No Wimps

June 20th, 2012 § Leave a Comment

I’ve gotten wind of something called the Wimpification of America. Have you heard this? Not sure who coined the term, but sounds like a reaction to the smothering of kids with too much care. Coddling. I guess there are people out there who advocate things like not keeping score in soccer games and not handing out grades in school. Their reasoning being we need to shelter our children from the trauma of loss, of failure. I suppose if you let them, they’d get rid of all forms of measurements. No child would be overweight. None slow. Every kid would be smart. Everyone, musical. Not true. And you don’t have to tell a kid that. They already know.
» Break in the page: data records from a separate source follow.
(* Element [h + i] is made parallel to element [f i] for a permutation [f]
   of ['I_h]. *)
Lemma s_count_ge_fact n h : 2 <= h -> h + h <= n -> h`! <= s_count n 2.
Proof.
move=> h2 hn; have hkn : 2 <= h <= n by lia.
pose t (f : {ffun 'I_h -> 'I_h}) := [seq val (f j) | j <- enum 'I_h].
pose F f := colour_bases (extend_colouring (n := n) h (t f)).
have th f : all (fun v => v < h) (t f) by apply/allP => v /mapP [w _ ->]; apply: ltn_ord.
have size_t f : size (t f) = h by rewrite size_map size_enum_ord.
have F_inj : injective F.
  move=> f1 f2 /extend_colouring_inj F12.
  have /eq_in_map t12 : t f1 = t f2.
    by apply: F12; rewrite ?th ?size_t //; lia.
  by apply/ffunP => j; apply/val_inj/t12; rewrite mem_enum.
have card_inj : #|[set f : {ffun 'I_h -> 'I_h} | injectiveb f]| = h`!.
  by rewrite card_inj_ffuns card_ord ffactnn.
rewrite -card_inj -(card_imset _ F_inj).
apply: subset_leq_card; apply/subsetP => B /imsetP [f]; rewrite inE => /injectiveP f_inj ->.
have t_uniq : uniq (t f) by rewrite map_inj_uniq ?enum_uniq // => a b /val_inj /f_inj.
have /and3P [mat rk _] := extend_colouring_paving (t f) hkn.
by rewrite inE mat rk extend_colouring_sparse.
Qed.

Lemma m_count_ge_pow n k : 2 <= k <= n -> k ^ (n - k) <= m_count n 2.
Proof. by move=> kn; apply: leq_trans (p_count_ge_pow kn) (p_count_le_m_count n). Qed.

Lemma p_count_le n : p_count n 2 <= n.+1 ^ n.
Proof. exact: leq_trans (p_count_le_m_count n) (m_count_le n). Qed.

Lemma s_count_ge_pow n k : 2 <= k <= n./2 -> k ^ (n./2 - k) <= s_count n 2.
Proof.
case/andP => k2 kh; apply: leq_trans (pow_le_fact kh) (s_count_ge_fact _ _); first lia.
by rewrite addnn -geq_half_double.
Qed.

Open Scope R_scope.

Lemma ln_INR_le (a b : nat) : (0 < a)%N -> (a <= b)%N -> ln (INR a) <= ln (INR b).
Proof. by move=> a0 ab; apply: ln_le; [apply/lt_0_INR/ltP | apply/le_INR/leP]. Qed.

Lemma ln_INR_gt0 (n : nat) : (2 <= n)%N -> 0 < ln (INR n).
Proof.
move=> n2; rewrite -ln_1; apply: ln_increasing; first lra.
by apply: (@Rlt_le_trans _ (INR 2)); [simpl; lra | apply/le_INR/leP].
Qed.

Lemma INR_expn (a e : nat) : INR (a ^ e) = INR a ^ e.
Proof. by elim: e => [|e IH] //; rewrite expnS mult_INR IH. Qed.

Lemma ln_INR_expn (a e : nat) : (0 < a)%N -> ln (INR (a ^ e)) = INR e * ln (INR a).
Proof. by move=> a0; rewrite INR_expn ln_pow //; apply/lt_0_INR/ltP. Qed.

Lemma ln_INR_succ_le (n : nat) : (1 <= n)%N -> ln (INR n.+1) <= ln (INR n) + ln 2.
Proof.
move=> n1; have rn : 1 <= INR n by apply/(le_INR 1)/leP.
rewrite S_INR -ln_mult; [apply: ln_le|..]; lra.
Qed.

(* Take [k = a / M]: then [a - k >= a (1 - 1/M)] and [k >= a / (2 M)]. *)
Lemma ln_ge_of_pow_bounds (x a M : nat) : (1 <= M)%N -> (2 * M <= a)%N ->
  (forall k, (2 <= k <= a)%N -> (k ^ (a - k) <= x)%N) ->
  INR a * (1 - / INR M) * (ln (INR a) - ln (2 * INR M)) <= ln (INR x).
Proof.
move=> M1 aM pow_le_x; set k := (a %/ M)%N.
have k2 : (2 <= k)%N by rewrite -(mulnK 2 M1) leq_div2r.
have ka : (k <= a)%N by apply: leq_div.
have rkM : INR k * INR M <= INR a by rewrite -mult_INR; apply/le_INR/leP/leq_divM.
have raM : INR a <= INR k * (2 * INR M).
  have : (a < k.+1 * M)%N by apply: ltn_ceil; lia.
  move=> /ltP /lt_INR; rewrite mult_INR S_INR.
  have : 2 <= INR k by apply/(le_INR 2)/leP.
  nra.
have rM : 1 <= INR M by apply/(le_INR 1)/leP.
have ra : 2 * INR M <= INR a by rewrite -[2]/(INR 2) -mult_INR; apply/le_INR/leP.
have rk : 0 < INR k by apply/lt_0_INR/ltP; lia.
apply: (Rle_trans _ (INR (a - k) * ln (INR k))); last first.
  rewrite -ln_INR_expn; last lia.
  by apply: ln_INR_le; [rewrite expn_gt0; lia | apply: pow_le_x; lia].
rewrite minus_INR; last by apply/leP.
apply: Rmult_le_compat.
- apply: Rmult_le_pos; first lra.
  have : / INR M <= 1 by rewrite -Rinv_1; apply: Rinv_le_contravar; lra.
  lra.
- by have := ln_le (2 * INR M) (INR a); lra.
- have : INR k <= INR a * / INR M.
    by apply: (Rmult_le_reg_r (INR M)); [lra | rewrite Rmult_assoc Rinv_l; lra].
  lra.
- have := ln_le (INR a) (INR k * (2 * INR M)); rewrite ln_mult; lra.
Qed.

Lemma is_lim_seq_ln_INR : is_lim_seq (fun n => ln (INR n)) p_infty.
Proof. exact: (filterlim_comp _ _ _ INR ln _ _ _ is_lim_seq_INR is_lim_ln_p). Qed.

Lemma is_lim_seq_plus_div_ln (a b : R) : is_lim_seq (fun n => a + b / ln (INR n)) a.
Proof.
have lim_inv : is_lim_seq (fun n => / ln (INR n)) 0.
  exact: (is_lim_seq_inv _ p_infty is_lim_seq_ln_INR).
have := is_lim_seq_plus' _ _ _ _ (is_lim_seq_const a) (is_lim_seq_scal_l _ b _ lim_inv).
by rewrite /= Rmult_0_r Rplus_0_r.
Qed.

Lemma is_lim_seq_squeeze_family (u v : nat -> R) (l : R) : 0 <= l ->
  is_lim_seq v l -> eventually (fun n => u n <= v n) ->
  (forall M : nat, (1 <= M)%N -> exists2 w : nat -> R,
     is_lim_seq w (l * (1 - / INR M)) & eventually (fun n => w n <= u n)) ->
  is_lim_seq u l.
Proof.
move=> l0 lim_v le_uv lower; apply/is_lim_seq_spec => eps.
have [M lM] := INR_archimed (eps / 2) l ltac:(move: (cond_pos eps); lra).
have [w lim_w le_wu] := lower M.+1 isT.
have rM : 0 < INR M.+1 by apply/lt_0_INR/ltP.
have small : l * / INR M.+1 < eps / 2.
  apply: (Rmult_lt_reg_r (INR M.+1)) => //.
  rewrite Rmult_assoc Rinv_l; last lra.
  by rewrite S_INR; have := cond_pos eps; nra.
move/is_lim_seq_spec: lim_w => /(_ (pos_div_2 eps)) near_w.
move/is_lim_seq_spec: lim_v => /(_ eps) near_v.
apply: (filter_imp _ _ _
  (filter_and _ _ near_v (filter_and _ _ near_w (filter_and _ _ le_uv le_wu)))).
move=> n [/Rabs_def2 vn [/Rabs_def2 wn [uv wu]]].
have lM1 : l * (1 - / INR M.+1) = l - l * / INR M.+1 by ring.
change (pos (pos_div_2 eps)) with (eps / 2) in wn; rewrite lM1 in wn.
apply: Rabs_def1; lra.
Qed.

Definition scaled_ln (x : nat -> nat) (n : nat) : R := ln (INR (x n)) / (INR n * ln (INR n)).

Lemma INR_mul_ln_gt0 (n : nat) : (2 <= n)%N -> 0 < INR n * ln (INR n).
Proof. by move=> n2; apply: Rmult_lt_0_compat; [apply/lt_0_INR/ltP; lia | apply: ln_INR_gt0]. Qed.

Lemma scaled_ln_le (x : nat -> nat) n a b : (2 <= n)%N ->
  ln (INR (x n)) <= INR n * (a * ln (INR n) + b) -> scaled_ln x n <= a + b / ln (INR n).
Proof.
move=> n2 le_x; have lnn := ln_INR_gt0 n2.
rewrite /scaled_ln Rle_div_l; last exact: INR_mul_ln_gt0.
by have -> : (a + b / ln (INR n)) * (INR n * ln (INR n)) = INR n * (a * ln (INR n) + b)
  by field; lra.
Qed.

Lemma scaled_ln_ge (x : nat -> nat) n a b : (2 <= n)%N ->
  INR n * (a * ln (INR n) + b) <= ln (INR (x n)) -> a + b / ln (INR n) <= scaled_ln x n.
Proof.
move=> n2 ge_x; have lnn := ln_INR_gt0 n2.
rewrite /scaled_ln -Rle_div_r; last exact: INR_mul_ln_gt0.
by have -> : (a + b / ln (INR n)) * (INR n * ln (INR n)) = INR n * (a * ln (INR n) + b)
  by field; lra.
Qed.

Lemma is_lim_seq_scaled_ln (x : nat -> nat) (l c : R) : 0 <= l ->
  eventually (fun n => ln (INR (x n)) <= INR n * (l * ln (INR n) + c)) ->
  (forall M : nat, (1 <= M)%N -> exists c' : R, eventually (fun n =>
     INR n * (l * (1 - / INR M) * ln (INR n) + c') <= ln (INR (x n)))) ->
  is_lim_seq (scaled_ln x) l.
Proof.
move=> l0 [N upper] lower.
apply: (is_lim_seq_squeeze_family (v := fun n => l + c / ln (INR n))) => //.
- exact: is_lim_seq_plus_div_ln.
- exists (maxn 2 N) => n /leP; rewrite geq_max => /andP [n2 /leP nN].
  exact: scaled_ln_le n2 (upper n nN).
- move=> M M1; have [c' [N' lowerM]] := lower M M1.
  exists (fun n => l * (1 - / INR M) + c' / ln (INR n)); first exact: is_lim_seq_plus_div_ln.
  exists (maxn 2 N') => n /leP; rewrite geq_max => /andP [n2 /leP nN].
  exact: scaled_ln_ge n2 (lowerM n nN).
Qed.

Lemma INR_half_bounds (n : nat) : 2 * INR n./2 <= INR n <= 2 * INR n./2 + 1.
Proof.
have : (n./2.*2 <= n)%N by rewrite -geq_half_double.
have : (n <= n./2.*2.+1)%N by rewrite -leq_half_double.
rewrite -!mul2n => /leP /le_INR + /leP /le_INR.
by rewrite S_INR !mult_INR; simpl; lra.
Qed.

Lemma ln_le_of_le_pow_succ (x n : nat) : (0 < x)%N -> (1 <= n)%N ->
  (x <= n.+1 ^ n)%N -> ln (INR x) <= INR n * (1 * ln (INR n) + ln 2).
Proof.
move=> x0 n1 x_le; apply: Rle_trans (ln_INR_le x0 x_le) _.
rewrite ln_INR_expn // Rmult_1_l; apply: Rmult_le_compat_l; first exact: pos_INR.
exact: ln_INR_succ_le.
Qed.

Lemma ln_le_of_le_sparse_bound (x n : nat) : (0 < x)%N -> (1 <= n)%N ->
  (x <= 2 ^ n * n.+1 ^ n./2)%N -> ln (INR x) <= INR n * (/ 2 * ln (INR n) + 3 / 2 * ln 2).
Proof.
move=> x0 n1 x_le; apply: Rle_trans (ln_INR_le x0 x_le) _.
rewrite mult_INR ln_mult ?INR_expn; try by apply: pow_lt; apply/lt_0_INR/ltP.
rewrite -!INR_expn !ln_INR_expn //; change (INR 2) with 2.
have := ln_INR_succ_le n1; have := INR_half_bounds n; have := pos_INR n./2.
have := ln_INR_le (a := 1) isT n1; have := @ln_INR_gt0 2 isT; rewrite ln_1.
change (INR 2) with 2; nra.
Qed.

Lemma ln_ge_half_of_pow_bounds (x n M : nat) : (1 <= M)%N -> (12 * M <= n)%N ->
  (forall k, (2 <= k <= n./2)%N -> (k ^ (n./2 - k) <= x)%N) ->
  INR n * (/ 2 * (1 - / INR M) * ln (INR n) + - (/ 2 * (1 - / INR M) * ln (12 * INR M)))
    <= ln (INR x).
Proof.
move=> M1 nM x_ge.
have M2 : (1 <= 2 * M)%N by lia.
have hM : (2 * (2 * M) <= n./2)%N by rewrite geq_half_double -mul2n; lia.
apply: Rle_trans (ln_ge_of_pow_bounds M2 hM x_ge).
rewrite !mult_INR; change (INR 2) with 2.
have rM : 1 <= INR M by apply/(le_INR 1)/leP.
have rnM : 12 * INR M <= INR n.
  have -> : 12 = INR 12 by rewrite INR_IZR_INZ.
  by rewrite -mult_INR; apply/le_INR/leP.
have [hn nh] := INR_half_bounds n.
set r := / INR M.
have rM1 : r * INR M = 1 by apply: Rinv_l; lra.
have r0 : 0 < r by apply: Rinv_0_lt_compat; lra.
have r1 : r <= 1 by rewrite /r -Rinv_1; apply: Rinv_le_contravar; lra.
have -> : / (2 * INR M) = r / 2 by rewrite /r; field; lra.
have B0 : 0 <= ln (INR n) - ln (12 * INR M) by have := ln_le (12 * INR M) (INR n); lra.
have BA : ln (INR n) - ln (12 * INR M) <= ln (INR n./2) - ln (2 * (2 * INR M)).
  have ln_n : ln (INR n) <= ln 3 + ln (INR n./2) by rewrite -ln_mult; [apply: ln_le|..]; lra.
  rewrite (_ : 12 * INR M = 3 * (2 * (2 * INR M))); last ring.
  rewrite ln_mult; lra.
have coef : INR n * (/ 2 * (1 - r)) <= INR n./2 * (1 - r / 2).
  have : 12 <= r * INR n by nra.
  nra.
have -> : INR n * (/ 2 * (1 - r) * ln (INR n) + - (/ 2 * (1 - r) * ln (12 * INR M))) =
  INR n * (/ 2 * (1 - r)) * (ln (INR n) - ln (12 * INR M)) by ring.
apply: Rmult_le_compat coef BA => //.
by apply: Rmult_le_pos; [apply: pos_INR | lra].
Qed.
“Make up your mind, dude! Which is it? Do we tell them they’re great? Or do we tell them the truth?” Fair question. It’s complicated. As parents, I’m suggesting we have to wade through the complexities to be able to tell them both – the truth that they are great.

By All babies are beautiful I’m not saying, “Everyone wins.” What I am saying is that though things like winning, being pretty, or getting an “A” are meaningful, they are not close to as important to the measure of greatness as are other things. Dr. King put it well when he said, “I have a dream that my four little children will one day live in a nation where they will not be judged by the color of their skin, but by the content of their character.” I don’t think he meant that the color of their skin was irrelevant. It was just not as important as the content of their character. Had we ordered those properly, we would have seen that they were every bit as great as any other child. Love, Trust, Humility, Honesty, Mercy. These being foundations upon which we build Courage, Perseverance, Generosity, Kindness.
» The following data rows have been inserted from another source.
(* Let $\mathsf{T}$ be a rooted plane tree, let $\delta\in\mathsf{Pop}(\mathcal{O}(\mathsf{T}))$, let $v\in\mathsf{T}$, and let $u\in M_\delta(v)$. Then $\delta(u)=\{u\}$. Moreover, if $w$ is a child of $v$ with $w\in\delta(v)$ and $u\in\Delta_{\delta(v)}(w)$, then for every integer $k\geq 1$ such that $w\in\mathsf{Pop}^k(\delta)(v)$, the set $\{u\}$ is a bead of the $w$-section of $\mathsf{Pop}^k(\delta)(v)$ in $\mathsf{Pop}^k(\delta)$.
   Context: A rooted plane tree $\mathsf{T}$ is a finite tree with a distinguished root, regarded as a poset $\leq_\mathsf{T}$ in which $v'\leq_\mathsf{T} v$ iff $v$ lies on the path from $v'$ to the root; children of $v$ are nodes covered by $v$. For a set $S$ of nodes and a node $u$, $\Delta_S(u)=\{x\in S:x\leq_\mathsf{T} u\}$. An ornament is a nonempty set of nodes inducing a connected subgraph; an ornamentation is a map $\delta$ from nodes to ornaments such that the unique maximal element of $\delta(v)$ is $v$ and any two sets $\delta(v),\delta(v')$ are nested or disjoint. $\mathcal{O}(\mathsf{T})$ is the set of ornamentations ordered by pointwise inclusion (a lattice with meet given by pointwise intersection); $\mathsf{Pop}(\delta)=\bigwedge(\{\delta\}\cup\{\delta':\delta'\lessdot\delta\})$ and $\mathsf{Pop}^k$ is its $k$-th iterate. For distinct nodes $u,v$, $v$ wraps $u$ in $\delta$ if $\delta(u)\subseteq\delta(v)$ and there is no node $x$ with $\delta(u)\subsetneq\delta(x)\subsetneq\delta(v)$; the reduction of $\delta(v)$ by such $u$ is $\delta(v)\setminus\Delta_{\delta(v)}(u)$; a minimal reduction is a reduction not properly contained in another reduction of $\delta(v)$; $M_\delta(v)$ is the set of nodes $u$ wrapped by $v$ such that the reduction of $\delta(v)$ by $u$ is minimal. For an ornamentation $\sigma$, a node $v$ and a child $v'$ of $v$ with $v'\in\sigma(v)$, the $v'$-section of $\sigma(v)$ is $\Delta_{\sigma(v)}(v')$. An ornament $\sigma(x)$ is a bead of this $v'$-section in $\sigma$ if $x\leq_\mathsf{T} v'$, $x\notin\sigma(v)$, and for every node $y$ on the path from $v'$ to $x$ (endpoints included), either $y\in\sigma(v)$ or $\sigma(y)=\{y\}$. *)

From mathcomp Require Import all_boot.
Set Implicit Arguments. Unset Strict Implicit. Unset Printing Implicit Defensive.

(* The plane
   structure (ordering of children) plays no role in the notions below. *)
Record rtree (T : finType) := RTree {
  root : T;
  parent : T -> T;
  parent_root : parent root = root;
  reach_root : forall x : T, fconnect parent x root
}.

Section Orn.
Variables (T : finType) (t : rtree T).

Definition tle (x y : T) : bool := fconnect (parent t) x y.

Definition child (w v : T) : bool := (parent t w == v) && (w != v).

Definition adjIn (S : {set T}) : rel T :=
  fun x y => [&& x \in S, y \in S & (child x y || child y x)].

Definition ornament (S : {set T}) : bool :=
  (S != set0) && [forall x in S, forall y in S, connect (adjIn S) x y].

Definition ornamentation (d : {ffun T -> {set T}}) : bool :=
  [forall v, ornament (d v)] &&
  [forall v, (v \in d v) && [forall x in d v, tle x v]] &&
  [forall v, forall v', [|| d v \subset d v', d v' \subset d v
                          | [disjoint d v & d v']]].

Definition ole (d1 d2 : {ffun T -> {set T}}) : bool :=
  [forall v, d1 v \subset d2 v].
Definition olt (d1 d2 : {ffun T -> {set T}}) : bool :=
  (d1 != d2) && ole d1 d2.

Definition covby (d' d : {ffun T -> {set T}}) : bool :=
  [&& ornamentation d', ornamentation d, olt d' d &
      [forall e : {ffun T -> {set T}},
         ~~ [&& ornamentation e, olt d' e & olt e d]]].

(* Pop(d): meet (pointwise intersection) of d and its lower covers *)
Definition pop (d : {ffun T -> {set T}}) : {ffun T -> {set T}} :=
  [ffun v => d v :&: \bigcap_(d' | covby d' d) d' v].

Definition Delta (S : {set T}) (u : T) : {set T} := [set x in S | tle x u].

Definition wraps (d : {ffun T -> {set T}}) (v u : T) : bool :=
  [&& u != v, d u \subset d v &
      ~~ [exists x, (d u \proper d x) && (d x \proper d v)]].

Definition reduction (d : {ffun T -> {set T}}) (v u : T) : {set T} :=
  d v :\: Delta (d v) u.

Definition M (d : {ffun T -> {set T}}) (v : T) : {set T} :=
  [set u | wraps d v u &&
     ~~ [exists u', wraps d v u' && (reduction d v u \proper reduction d v u')]].

Definition isbead (s : {ffun T -> {set T}}) (v w : T) (S : {set T}) : Prop :=
  exists x : T, [/\ S = s x, tle x w, x \notin s v &
    forall y : T, tle x y -> tle y w -> (y \in s v) \/ s y = [set y]].

End Orn.

From Pilot Require Import Defs.
From mathcomp Require Import all_boot.
Set Implicit Arguments. Unset Strict Implicit. Unset Printing Implicit Defensive.

(* The lower covers of an ornamentation d are exactly the reductions of one
   ornament d(v) by a node u of M_d(v); hence Pop(d)(v) is d(v) minus the
   nodes lying below some element of M_d(v), and Pop maps ornamentations to
   ornamentations.  If u is in M_{Pop(r)}(v) and r(u) contained a node below
   u, some element b0 of M_r(u) would survive in Pop(r)(v) but not in
   Pop(r)(u); yet every node of Pop(r)(v) below u lies in Pop(r)(u), because
   u is a minimal wrapped node.  So r(u) = {u}.  The same two facts show that
   a node y of Pop(r)(v) that drops out of Pop(Pop(r))(v) is itself an
   element of M_{Pop(r)}(v), hence a singleton from then on.  Iterating, a
   node of delta(v) either stays in Pop^k(delta)(v) or has become a
   singleton ornament, which is what makes {u} a bead. *)

Section RootedTree.
Variables (T : finType) (t : rtree T).
Local Notation par := (parent t).
Local Notation tle := (tle t).

Lemma tleP x y : reflect (exists n, iter n par x = y) (tle x y).
Proof.
apply: (iffP idP) => [h|[n <-]]; last exact: fconnect_iter.
by exists (findex par x y); apply: iter_findex.
Qed.

Lemma tle_refl x : tle x x.
Proof. exact: connect0. Qed.

Lemma tle_trans x y z : tle x y -> tle y z -> tle x z.
Proof. exact: connect_trans. Qed.

Lemma tle_par x : tle x (par x).
Proof. exact: fconnect1. Qed.

Lemma iter_par_root n : iter n par (Defs.root t) = Defs.root t.
Proof. by elim: n => //= n ->; rewrite parent_root. Qed.

(* A cycle x -> ... -> y -> ... -> x through a non-root x would never reach
   the root, whose orbit is the fixed point itself. *)
Lemma tle_anti x y : tle x y -> tle y x -> x = y.
Proof.
move=> /tleP [[|n] hn] /tleP [m hm]; first by [].
have [r hr] : exists r, iter r par x = Defs.root t by apply/tleP; apply: reach_root.
have cyc k : iter (k * (m + n.+1)) par x = x.
  by elim: k => // k IH; rewrite mulSn iterD IH iterD hn hm.
have xroot : x = Defs.root t.
  rewrite -(cyc r) -(subnK (_ : r <= r * (m + n.+1))) ?iterD ?hr ?iter_par_root //.
  by rewrite addnS mulnS leq_addr.
by rewrite -hn xroot iter_par_root.
Qed.

Lemma tle_par_neq x y : tle x y -> x != y -> tle (par x) y.
Proof.
move=> /tleP [[|n] hn] hne; first by rewrite -hn eqxx in hne.
by apply/tleP; exists n; rewrite -iterSr.
Qed.

Lemma tle_total x a b : tle x a -> tle x b -> tle a b || tle b a.
Proof.
move=> /tleP [n <-] /tleP [m <-]; have [h|h] := leqP n m.
  by apply/orP; left; apply/tleP; exists (m - n); rewrite -iterD subnK.
by apply/orP; right; apply/tleP; exists (n - m); rewrite -iterD subnK // ltnW.
Qed.

Definition ornament_at (S : {set T}) v :=
  [/\ v \in S, forall x, x \in S -> tle x v
    & forall x, x \in S -> x != v -> par x \in S].

Definition orn_spec (d : {ffun T -> {set T}}) :=
  (forall v, ornament_at (d v) v) /\
  (forall v v' x, x \in d v -> x \in d v' -> d v \subset d v' \/ d v' \subset d v).

Lemma adjIn_sym S : symmetric (adjIn t S).
Proof. by move=> x y; rewrite /adjIn andbCA orbC. Qed.

(* Along an adjIn-path from x up to v, the first step leaving the down-set
   of x must go to par x. *)
Lemma ornament_at_of_ornament S v : ornament t S -> v \in S ->
  (forall x, x \in S -> tle x v) -> ornament_at S v.
Proof.
move=> /andP [_ /forall_inP hc] hv hle; split => // x hx hxv.
have /connectP [p xv_path xv_last] := forall_inP (hc x hx) v hv.
suff walk q z : tle z x -> path (adjIn t S) z q -> v = last z q -> par x \in S.
  exact: walk p x (tle_refl x) xv_path xv_last.
elim: q z => [|y q IH] z hzx /=.
  by move=> _ ezv; case/negP: hxv; apply/eqP; apply: tle_anti; [exact: hle | rewrite ezv].
case/andP => /and3P [hz hy /orP [] /andP [/eqP hpar hne]] hq hl.
  have [ezx|nzx] := eqVneq z x; first by rewrite -ezx hpar.
  by apply: IH hq hl; rewrite -hpar; apply: tle_par_neq.
by apply: IH hq hl; apply: tle_trans hzx; rewrite -hpar; apply: tle_par.
Qed.

Lemma connect_ornament_at S v x : ornament_at S v -> x \in S ->
  connect (adjIn t S) x v.
Proof.
case=> hv hle hcl hx; have /tleP [n hn] := hle x hx.
elim: n x hx hn => [|n IH] x hx hn; first by rewrite -hn connect0.
have [->|hne] := eqVneq x v; first exact: connect0.
have hpx := hcl x hx hne.
apply: (connect_trans (y := par x)); last by apply: IH => //; rewrite -iterSr.
apply: connect1; rewrite /adjIn hx hpx /= /child eqxx /=.
apply/orP; left; apply: contra_neq hne => hfix.
have fixk k : iter k par x = x by elim: k => //= k ->; rewrite -hfix.
by rewrite -hn fixk.
Qed.

Lemma ornament_of_ornament_at S v : ornament_at S v -> ornament t S.
Proof.
move=> hS; have [hv _ _] := hS; apply/andP; split; first by apply/set0Pn; exists v.
apply/forall_inP => x hx; apply/forall_inP => y hy.
apply: connect_trans (connect_ornament_at hS hx) _.
by rewrite (sym_connect_sym (@adjIn_sym S)); apply: connect_ornament_at.
Qed.

Lemma ornamentationP d : ornamentation t d <-> orn_spec d.
Proof.
split.
  case/andP => /andP [/forallP h1 /forallP h2] /forallP h3; split.
    move=> v; have /andP [hv /forall_inP hle] := h2 v.
    exact: ornament_at_of_ornament (h1 v) hv hle.
  move=> v v' x hx hx'; have /forallP/(_ v')/or3P [->|->|] := h3 v; auto.
  by move/disjointFr/(_ hx); rewrite hx'.
case=> hS hlam; apply/andP; split; first (apply/andP; split); apply/forallP => v.
- exact: ornament_of_ornament_at (hS v).
- by have [-> hle _] := hS v; apply/forall_inP.
- apply/forallP => v'; have [|hdis] := boolP [disjoint d v & d v']; first by rewrite !orbT.
  have [x] : exists x, x \in d v :&: d v' by apply/set0Pn; rewrite setI_eq0.
  by rewrite inE => /andP [hx hx']; case: (hlam v v' x hx hx') => ->; rewrite ?orbT.
Qed.

Section Ornamentation.
Variable d : {ffun T -> {set T}}.
Hypothesis hd : orn_spec d.

Lemma orn_self y : y \in d y.
Proof. by have [] := hd.1 y. Qed.

Lemma orn_le x y : x \in d y -> tle x y.
Proof. by have [_ h _] := hd.1 y; apply: h. Qed.

Lemma orn_convex v a y : a \in d v -> tle a y -> tle y v -> y \in d v.
Proof.
have [hv _ hcl] := hd.1 v; move=> ha /tleP [n hn] hyv.
elim: n a ha hn => [|n IH] a ha hn; first by rewrite -hn.
have [eav|nav] := eqVneq a v; last by apply: IH (hcl a ha nav) _; rewrite -iterSr.
suff -> : y = v by [].
by apply: tle_anti hyv _; rewrite -hn eav; apply/tleP; exists n.+1.
Qed.

Lemma orn_nest x y : x \in d y -> d x \subset d y.
Proof.
move=> hx; case: (hd.2 x y x (orn_self x) hx) => // hs.
by rewrite (tle_anti (orn_le (subsetP hs _ (orn_self y))) (orn_le hx)).
Qed.

Lemma orn_proper a b : d a \subset d b -> a != b -> d a \proper d b.
Proof.
move=> hs hne; apply/properP; split => //; exists b; first exact: orn_self.
apply: contra hne => hb; apply/eqP; apply: tle_anti (orn_le hb).
exact: orn_le (subsetP hs _ (orn_self a)).
Qed.

Lemma orn_singleton y : d y \subset [set y] -> d y = [set y].
Proof. by move=> hs; apply/eqP; rewrite eqEsubset hs sub1set orn_self. Qed.

Lemma wraps_mem v b : wraps d v b -> [/\ b \in d v, b != v, d b \subset d v & tle b v].
Proof.
case/and3P => hne hs _; have hb := subsetP hs _ (orn_self b).
by split => //; apply: orn_le.
Qed.

Lemma wraps_proper v b : wraps d v b -> d b \proper d v.
Proof. by case/wraps_mem => _ hne hs _; apply: orn_proper. Qed.

Lemma wraps_no_between v b y : wraps d v b -> d b \proper d y -> d y \proper d v -> False.
Proof. by case/and3P => _ _ /existsP hn p1 p2; apply: hn; exists y; rewrite p1 p2. Qed.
I find that very young children are closer to this truth than us who’ve grown to forget it. We’ve lived too long in a world in which the most, the best, the strongest is everything. To be able to tell our kids the truth that they are great, we need to adjust more than they. And the littlest ones can help us with that adjustment. In a world that incessantly says otherwise, they can help us order our values aright.

And by trying to rid ourselves of them, aren’t we really saying these measurements are everything? Our kids don’t believe that. Neither should we. Hey, no wimps here.